### Goal of the exercise
After locating the line that contains "(hve_bd : forall" in the data below, set down exactly that line and each one after it through the line that contains "x (eta'' x)) ->", and nothing more.
(Records provided begins)
(* Let $a>0$, $D_L>0$, $\ell>0$, and let $v_e:[0,\ell]\to\mathbb R$ be continuous with $a<v_e(x)<2a$ for all $x\in[0,\ell]$. For $\lambda\in\mathbb C$ with $\mathrm{Re}(\lambda)\ge0$ define $$f(x,\lambda)=\frac{(\lambda+1)\,v_e(x)^2}{\lambda-1+2a/v_e(x)}+\lambda .$$ Then $f(x,\lambda)$ is well defined (the denominator is nonzero) and $\mathrm{Re}\,f(x,\lambda)>0$ for all $x\in[0,\ell]$. Moreover, if $\eta\in C^2((0,\ell))\cap C^1([0,\ell])$ is a complex-valued solution of $$D_L\,\eta_{xx}-f(x,\lambda)\,\eta=0\ \text{ on }(0,\ell),\qquad \eta(0)=0,\quad \eta_x(\ell)=0,$$ then $\eta\equiv0$ on $[0,\ell]$; in particular $\eta_x(0)=0$.
   Context: This is the outer eigenvalue problem arising in the linear stability analysis of Schnakenberg spike equilibria, where $v_e$ is the outer steady-state activator profile. *)

From Coquelicot Require Import Coquelicot.
From Stdlib Require Import Reals.

Open Scope R_scope.

Definition Icc (l x : R) : Prop := 0 <= x <= l.

Definition cont_on_Icc {V : UniformSpace} (l : R) (g : R -> V) : Prop :=
  forall x, Icc l x -> filterlim g (within (Icc l) (locally x)) (locally (g x)).

Definition fdenom (a : R) (ve : R -> R) (x : R) (lam : Complex.C) : Complex.C :=
  (lam - RtoC 1 + RtoC (2 * a / ve x))%C.

Definition fval (a : R) (ve : R -> R) (x : R) (lam : Complex.C) : Complex.C :=
  ((lam + RtoC 1) * RtoC (ve x ^ 2) / fdenom a ve x lam + lam)%C.

From Coquelicot Require Import Coquelicot.
From Stdlib Require Import Reals Lra Psatz.

(* Re f > 0 is a direct computation, using 2a/v_e > 1.  For the boundary value
   problem, the energy E = Re (eta' conj eta) satisfies
   D_L E' = D_L |eta'|^2 + Re f |eta|^2 >= 0, so E is nondecreasing on (0, l);
   the boundary conditions give E(0) = E(l) = 0, hence E = 0 on (0, l), so
   E' = 0 there, which forces eta = eta' = 0 on (0, l) and, by continuity, on
   [0, l]. *)

Open Scope R_scope.

Lemma Re_fdenom_gt0 a ve x lam :
  0 < a -> a < ve x < 2 * a -> 0 <= Re lam -> 0 < Re (fdenom a ve x lam).
Proof.
  intros ha hv hp.
  assert (hc : 1 < 2 * a / ve x).
  { apply (Rmult_lt_reg_r (ve x)); [lra|]. field_simplify; lra. }
  unfold fdenom, Re in *; simpl; lra.
Qed.

Lemma Re_fval_gt0 a ve x lam :
  0 < a -> a < ve x < 2 * a -> 0 <= Re lam -> 0 < Re (fval a ve x lam).
Proof.
  intros ha hv hp.
  (* Re ((lam + 1) v^2 / d) = v^2 Re ((lam + 1) conj d) / |d|^2 with Im d = Im lam *)
  pose proof (Re_fdenom_gt0 a ve x lam ha hv hp) as hd.
  unfold fval. unfold fdenom in hd |- *.
  destruct lam as [p q]; simpl in hp, hd |- *.
  set (c := 2 * a / ve x) in *. set (v := ve x) in *.
  set (dr := p + - (1) + c) in *.
  assert (hn : 0 < dr * dr + q * q) by nra.
  replace (_ + _) with (v * v * ((p + 1) * dr + q * q) / (dr * dr + q * q) + p)
    by (unfold dr; field; unfold dr in hn; lra).
  assert (0 < v * v * ((p + 1) * dr + q * q)) by (apply Rmult_lt_0_compat; nra).
  assert (0 < v * v * ((p + 1) * dr + q * q) / (dr * dr + q * q))
    by (apply Rdiv_lt_0_compat; lra).
  lra.
Qed.

Definition Cdot (z w : Complex.C) : R := Re z * Re w + Im z * Im w.

Lemma Cdot_mull (k z : Complex.C) : Cdot (k * z)%C z = Re k * Cdot z z.
Proof. destruct k, z; unfold Cdot, Re, Im; simpl; ring. Qed.

Lemma Cdot_RtoC_mull (r : R) (z w : Complex.C) : Cdot (RtoC r * z)%C w = r * Cdot z w.
Proof. destruct z, w; unfold Cdot, Re, Im; simpl; ring. Qed.

Lemma Cdot_self_ge0 (z : Complex.C) : 0 <= Cdot z z.
Proof. unfold Cdot; nra. Qed.

Lemma Cdot_self_eq0 (z : Complex.C) : Cdot z z = 0 -> z = RtoC 0.
Proof.
  destruct z as [u w]; unfold Cdot, Re, Im; simpl; intros h.
  assert (u = 0) by nra. assert (w = 0) by nra. subst; reflexivity.
Qed.

Lemma is_derive_Re (f : R -> Complex.C) x l :
  is_derive (K := R_AbsRing) f x l -> is_derive (fun t => Re (f t)) x (Re l).
Proof.
  intros H. eapply filterdiff_ext_lin.
  - apply (filterdiff_comp' f fst x _ fst H).
    apply (@filterdiff_linear R_AbsRing C_R_NormedModule R_NormedModule).
    apply (@is_linear_fst R_AbsRing R_NormedModule R_NormedModule).
  - reflexivity.
Qed.

Lemma is_derive_Im (f : R -> Complex.C) x l :
  is_derive (K := R_AbsRing) f x l -> is_derive (fun t => Im (f t)) x (Im l).
Proof.
  intros H. eapply filterdiff_ext_lin.
  - apply (filterdiff_comp' f snd x _ snd H).
    apply (@filterdiff_linear R_AbsRing C_R_NormedModule R_NormedModule).
    apply (@is_linear_snd R_AbsRing R_NormedModule R_NormedModule).
  - reflexivity.
Qed.

Lemma is_derive_Cdot (f g : R -> Complex.C) x df dg :
  is_derive (K := R_AbsRing) f x df -> is_derive (K := R_AbsRing) g x dg ->
  is_derive (fun t => Cdot (f t) (g t)) x (Cdot df (g x) + Cdot (f x) dg).
Proof.
  intros Hf Hg.
  pose proof (is_derive_mult _ _ x _ _ (is_derive_Re f x df Hf)
                (is_derive_Re g x dg Hg) Rmult_comm) as Hre.
  pose proof (is_derive_mult _ _ x _ _ (is_derive_Im f x df Hf)
                (is_derive_Im g x dg Hg) Rmult_comm) as Him.
  pose proof (is_derive_plus _ _ x _ _ Hre Him) as H.
  replace (Cdot df (g x) + Cdot (f x) dg) with
    (plus (plus (mult (Re df) (Re (g x))) (mult (Re (f x)) (Re dg)))
          (plus (mult (Im df) (Im (g x))) (mult (Im (f x)) (Im dg))));
    [exact H|].
  unfold Cdot, plus, mult; simpl; ring.
Qed.

Lemma filterlim_Cdot {T : Type} (F : (T -> Prop) -> Prop) {FF : Filter F}
    (f g : T -> Complex.C) z w :
  filterlim f F (locally z) -> filterlim g F (locally w) ->
  filterlim (fun t => Cdot (f t) (g t)) F (locally (Cdot z w)).
Proof.
  intros Hf Hg.
  assert (HRe : forall h c, filterlim h F (locally c) ->
            filterlim (fun t => Re (h t)) F (locally (Re c))).
  { intros h [c1 c2] H. apply (filterlim_comp _ _ _ h fst F _ _ H).
    apply (@continuous_fst R_UniformSpace R_UniformSpace). }
  assert (HIm : forall h c, filterlim h F (locally c) ->
            filterlim (fun t => Im (h t)) F (locally (Im c))).
  { intros h [c1 c2] H. apply (filterlim_comp _ _ _ h snd F _ _ H).
    apply (@continuous_snd R_UniformSpace R_UniformSpace). }
  assert (Hmul : forall u v (c d : R), filterlim u F (locally c) ->
            filterlim v F (locally d) ->
            filterlim (fun t => u t * v t) F (locally (c * d))).
  { intros u v c d Hu Hv.
    exact (filterlim_comp_2 _ _ _ Hu Hv (@filterlim_mult R_AbsRing c d)). }
  exact (filterlim_comp_2 _ _ _ (Hmul _ _ _ _ (HRe _ _ Hf) (HRe _ _ Hg))
           (Hmul _ _ _ _ (HIm _ _ Hf) (HIm _ _ Hg))
           (@filterlim_plus R_AbsRing R_NormedModule _ _)).
Qed.

Lemma nondecreasing_of_derive_ge0 (f df : R -> R) (a b : R) :
  (forall x, a < x < b -> is_derive f x (df x)) ->
  (forall x, a < x < b -> 0 <= df x) ->
  forall x y, a < x -> x <= y -> y < b -> f x <= f y.
Proof.
  intros Hd Hpos x y Hx Hxy Hy.
  destruct (MVT_gen f x y df) as [c [Hc Heq]];
    rewrite ?Rmin_left, ?Rmax_right in * by lra.
  - intros z Hz; apply Hd; lra.
  - intros z Hz; apply continuity_pt_filterlim, (ex_derive_continuous f).
    exists (df z); apply Hd; lra.
  - assert (0 <= df c) by (apply Hpos; lra). nra.
Qed.

Lemma derive_eq0_of_Ioo_eq0 (f : R -> R) (a b x df : R) :
  (forall t, a < t < b -> f t = 0) -> a < x < b -> is_derive f x df -> df = 0.
Proof.
  intros Hf Hx Hd.
  assert (Hr : 0 < Rmin (x - a) (b - x)) by (apply Rmin_glb_lt; lra).
  assert (Hloc : locally x (fun t => 0 = f t)).
  { exists (mkposreal _ Hr); intros t Ht.
    change (Rabs (t - x) < Rmin (x - a) (b - x)) in Ht.
    apply Rabs_def2 in Ht.
    pose proof (Rmin_l (x - a) (b - x)); pose proof (Rmin_r (x - a) (b - x)).
    symmetry; apply Hf; lra. }
  pose proof (is_derive_ext_loc _ _ x _ Hloc (@is_derive_const R_AbsRing R_NormedModule 0 x)).
  rewrite <- (is_derive_unique _ _ _ Hd). now apply is_derive_unique.
Qed.

Definition Ioo (l x : R) : Prop := 0 < x < l.

Lemma Ioo_within_proper (l x0 : R) :
  0 < l -> Icc l x0 -> ProperFilter' (within (Ioo l) (locally x0)).
Proof.
  intros hl hx; split; [|apply within_filter, locally_filter].
  intros [eps Heps]; unfold Icc in hx.
  assert (he := cond_pos eps).
  set (s := Rmin 1 (eps / l) / 2).
  assert (hs1 : 0 < s) by
    (unfold s; apply Rdiv_lt_0_compat; [apply Rmin_glb_lt|]; try apply Rdiv_lt_0_compat; lra).
  assert (hs2 : s * l <= eps / 2).
  { pose proof (Rmin_r 1 (eps / l)) as hmin.
    apply (Rmult_le_compat_r l) in hmin; [|lra].
    unfold s; field_simplify in hmin; [field_simplify|]; lra. }
  assert (hs3 : s <= 1 / 2) by (unfold s; pose proof (Rmin_l 1 (eps / l)); lra).
  (* a convex combination of x0 and the midpoint l/2, with positive weight on l/2 *)
  apply (Heps (x0 + s * (l / 2 - x0))).
  - change (Rabs (x0 + s * (l / 2 - x0) - x0) < eps).
    replace (x0 + s * (l / 2 - x0) - x0) with (s * (l / 2 - x0)) by ring.
    rewrite Rabs_mult, Rabs_pos_eq by lra.
    assert (Rabs (l / 2 - x0) <= l / 2) by (apply Rabs_le; lra). nra.
  - unfold Ioo; split; nra.
Qed.

Lemma filterlim_within_Ioo {V : UniformSpace} (l x0 : R) (g : R -> V) (y : V) :
  filterlim g (within (Icc l) (locally x0)) (locally y) ->
  filterlim g (within (Ioo l) (locally x0)) (locally y).
Proof.
  apply filterlim_filter_le_1; intros P HP.
  apply (filter_imp (F := locally x0) (fun t => Icc l t -> P t)); [|exact HP].
  intros t H [h0 hl]; apply H; split; lra.
Qed.

Lemma le_at_Icc_of_Ioo (l x0 : R) (h1 h2 : R -> R) :
  0 < l -> Icc l x0 ->
  filterlim h1 (within (Icc l) (locally x0)) (locally (h1 x0)) ->
  filterlim h2 (within (Icc l) (locally x0)) (locally (h2 x0)) ->
  within (Ioo l) (locally x0) (fun t => h1 t <= h2 t) -> h1 x0 <= h2 x0.
Proof.
  intros hl hx H1 H2 Hle.
  pose proof (Ioo_within_proper l x0 hl hx).
  apply (filterlim_le h1 h2 (h1 x0) (h2 x0) Hle);
    apply filterlim_within_Ioo; assumption.
Qed.

Lemma eq_zero_at_Icc_of_Ioo {V : NormedModule R_AbsRing} (l x0 : R) (g : R -> V) :
  0 < l -> Icc l x0 ->
  filterlim g (within (Icc l) (locally x0)) (locally (g x0)) ->
  (forall t, Ioo l t -> g t = zero) -> g x0 = zero.
Proof.
  intros hl hx Hg H0.
  pose proof (Ioo_within_proper l x0 hl hx).
  apply (filterlim_locally_unique g); [now apply filterlim_within_Ioo|].
  apply (filterlim_ext_loc (fun _ => zero)); [|apply filterlim_const].
  unfold within; apply filter_forall; intros t ht; symmetry; now apply H0.
Qed.

Lemma nondecreasing_Ioo_between (l : R) (h : R -> R) :
  0 < l ->
  filterlim h (within (Icc l) (locally 0)) (locally (h 0)) ->
  filterlim h (within (Icc l) (locally l)) (locally (h l)) ->
  (forall x y, 0 < x -> x <= y -> y < l -> h x <= h y) ->
  forall y, Ioo l y -> h 0 <= h y <= h l.
Proof.
  intros hl H0 Hl Hmono y [hy0 hyl].
  assert (I0 : Icc l 0) by (unfold Icc; lra).
  assert (Il : Icc l l) by (unfold Icc; lra).
  assert (hy0' : 0 < y) by lra. assert (hyl' : 0 < l - y) by lra.
  split.
  - apply (le_at_Icc_of_Ioo l 0 h (fun _ => h y) hl I0 H0 (filterlim_const _)).
    exists (mkposreal _ hy0'); intros t Ht [ht0 htl].
    change (Rabs (t - 0) < y) in Ht; apply Rabs_def2 in Ht.
    apply Hmono; lra.
  - apply (le_at_Icc_of_Ioo l l (fun _ => h y) h hl Il (filterlim_const _) Hl).
    exists (mkposreal _ hyl'); intros t Ht [ht0 htl].
    change (Rabs (t - l) < l - y) in Ht; apply Rabs_def2 in Ht.
    apply Hmono; lra.
Qed.

Section MixedBoundaryValueProblem.

Variables (DL l : R) (k eta eta' eta'' : R -> Complex.C).
Hypothesis hDL : 0 < DL.
Hypothesis hl : 0 < l.
Hypothesis hk : forall x, Ioo l x -> 0 < Re (k x).
Hypothesis heta_cont : cont_on_Icc l eta.
Hypothesis heta' : forall x, Ioo l x -> is_derive (K := R_AbsRing) eta x (eta' x).
Hypothesis heta'_cont : cont_on_Icc l eta'.
Hypothesis heta'' : forall x, Ioo l x -> is_derive (K := R_AbsRing) eta' x (eta'' x).
Hypothesis hode : forall x, Ioo l x -> (RtoC DL * eta'' x - k x * eta x)%C = RtoC 0.
Hypothesis heta0 : eta 0 = RtoC 0.
Hypothesis heta'l : eta' l = RtoC 0.

Let energy (t : R) : R := Cdot (eta' t) (eta t).

Let energy_deriv (t : R) : R := Cdot (eta'' t) (eta t) + Cdot (eta' t) (eta' t).

Lemma is_derive_energy x : Ioo l x -> is_derive energy x (energy_deriv x).
Proof. intros hx; exact (is_derive_Cdot _ _ x _ _ (heta'' x hx) (heta' x hx)). Qed.

Lemma energy_deriv_scaled x :
  Ioo l x -> DL * energy_deriv x =
    Re (k x) * Cdot (eta x) (eta x) + DL * Cdot (eta' x) (eta' x).
Proof.
  intros hx.
  assert (Heq : (RtoC DL * eta'' x)%C = (k x * eta x)%C).
  { rewrite <- (Cplus_0_r (k x * eta x)), <- (hode x hx); ring. }
  unfold energy_deriv; rewrite Rmult_plus_distr_l, <- Cdot_RtoC_mull, Heq, Cdot_mull.
  reflexivity.
Qed.

Lemma energy_deriv_ge0 x : Ioo l x -> 0 <= energy_deriv x.
Proof.
  intros hx; pose proof (energy_deriv_scaled x hx).
  pose proof (Cdot_self_ge0 (eta x)); pose proof (Cdot_self_ge0 (eta' x)).
  pose proof (hk x hx). nra.
Qed.

Lemma energy_Ioo_eq0 x : Ioo l x -> energy x = 0.
Proof.
  intros hx.
  assert (Hcont : forall t, Icc l t ->
            filterlim energy (within (Icc l) (locally t)) (locally (energy t))).
  { intros t ht; apply filterlim_Cdot; [apply within_filter, locally_filter| |];
      [apply heta'_cont | apply heta_cont]; exact ht. }
  assert (E0 : energy 0 = 0) by (unfold energy; rewrite heta0; unfold Cdot; simpl; ring).
  assert (El : energy l = 0) by (unfold energy; rewrite heta'l; unfold Cdot; simpl; ring).
  assert (I0 : Icc l 0) by (unfold Icc; lra).
  assert (Il : Icc l l) by (unfold Icc; lra).
  pose proof (nondecreasing_Ioo_between l energy hl (Hcont 0 I0) (Hcont l Il)
    (nondecreasing_of_derive_ge0 energy energy_deriv 0 l is_derive_energy energy_deriv_ge0)
    x hx).
  lra.
Qed.

Lemma eta_Ioo_eq0 x : Ioo l x -> eta x = RtoC 0 /\ eta' x = RtoC 0.
Proof.
  intros hx.
  assert (Hd : energy_deriv x = 0)
    by exact (derive_eq0_of_Ioo_eq0 energy 0 l x _ energy_Ioo_eq0 hx (is_derive_energy x hx)).
  pose proof (energy_deriv_scaled x hx) as Hs; rewrite Hd in Hs.
  pose proof (Cdot_self_ge0 (eta x)); pose proof (Cdot_self_ge0 (eta' x)).
  pose proof (hk x hx).
  split; apply Cdot_self_eq0; nra.
Qed.

Theorem mixed_bvp_trivial : (forall x, Icc l x -> eta x = RtoC 0) /\ eta' 0 = RtoC 0.
Proof.
  assert (I0 : Icc l 0) by (unfold Icc; lra).
  split.
  - intros x hx; apply (eq_zero_at_Icc_of_Ioo l x eta hl hx (heta_cont x hx)).
    intros t ht; apply eta_Ioo_eq0, ht.
  - apply (eq_zero_at_Icc_of_Ioo l 0 eta' hl I0 (heta'_cont 0 I0)).
    intros t ht; apply eta_Ioo_eq0, ht.
Qed.

End MixedBoundaryValueProblem.

Theorem mainTheorem9 (a DL l : R) (ve : R -> R)
  (ha : 0 < a) (hDL : 0 < DL) (hl : 0 < l)
  (hve_cont : cont_on_Icc l ve)
  (hve_bd : forall x, Icc l x -> a < ve x < 2 * a)
  (lam : Complex.C) (hlam : 0 <= Re lam) :
  (forall x, Icc l x ->
     fdenom a ve x lam <> RtoC 0 /\ 0 < Re (fval a ve x lam))
  /\
  (forall eta eta' eta'' : R -> Complex.C,
     cont_on_Icc l eta ->
     (forall x, 0 < x < l -> is_derive (K := R_AbsRing) eta x (eta' x)) ->
     cont_on_Icc l eta' ->
     (forall x, 0 < x < l -> is_derive (K := R_AbsRing) eta' x (eta'' x)) ->
     (forall x, 0 < x < l -> continuous eta'' x) ->
     (forall x, 0 < x < l ->
        (RtoC DL * eta'' x - fval a ve x lam * eta x)%C = RtoC 0) ->
     eta 0 = RtoC 0 ->
     eta' l = RtoC 0 ->
     (forall x, Icc l x -> eta x = RtoC 0) /\ eta' 0 = RtoC 0).
Proof.
  split.
  - intros x hx; split; [|exact (Re_fval_gt0 a ve x lam ha (hve_bd x hx) hlam)].
    intros Hz; pose proof (Re_fdenom_gt0 a ve x lam ha (hve_bd x hx) hlam) as Hre.
    rewrite Hz in Hre; simpl in Hre; lra.
  -
    intros eta eta' eta'' Hc Hd Hc' Hd' _ Hode H0 Hl.
    apply (mixed_bvp_trivial DL l (fun x => fval a ve x lam) eta eta' eta''); try assumption.
    intros x [hx0 hxl]; apply Re_fval_gt0; [exact ha | apply hve_bd; unfold Icc; lra | exact hlam].
Qed.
(Records provided ends)
### Task answer
  (hve_bd : forall x, Icc l x -> a < ve x < 2 * a)
  (lam : Complex.C) (hlam : 0 <= Re lam) :
  (forall x, Icc l x ->
     fdenom a ve x lam <> RtoC 0 /\ 0 < Re (fval a ve x lam))
  /\
  (forall eta eta' eta'' : R -> Complex.C,
     cont_on_Icc l eta ->
     (forall x, 0 < x < l -> is_derive (K := R_AbsRing) eta x (eta' x)) ->
     cont_on_Icc l eta' ->
     (forall x, 0 < x < l -> is_derive (K := R_AbsRing) eta' x (eta'' x)) ->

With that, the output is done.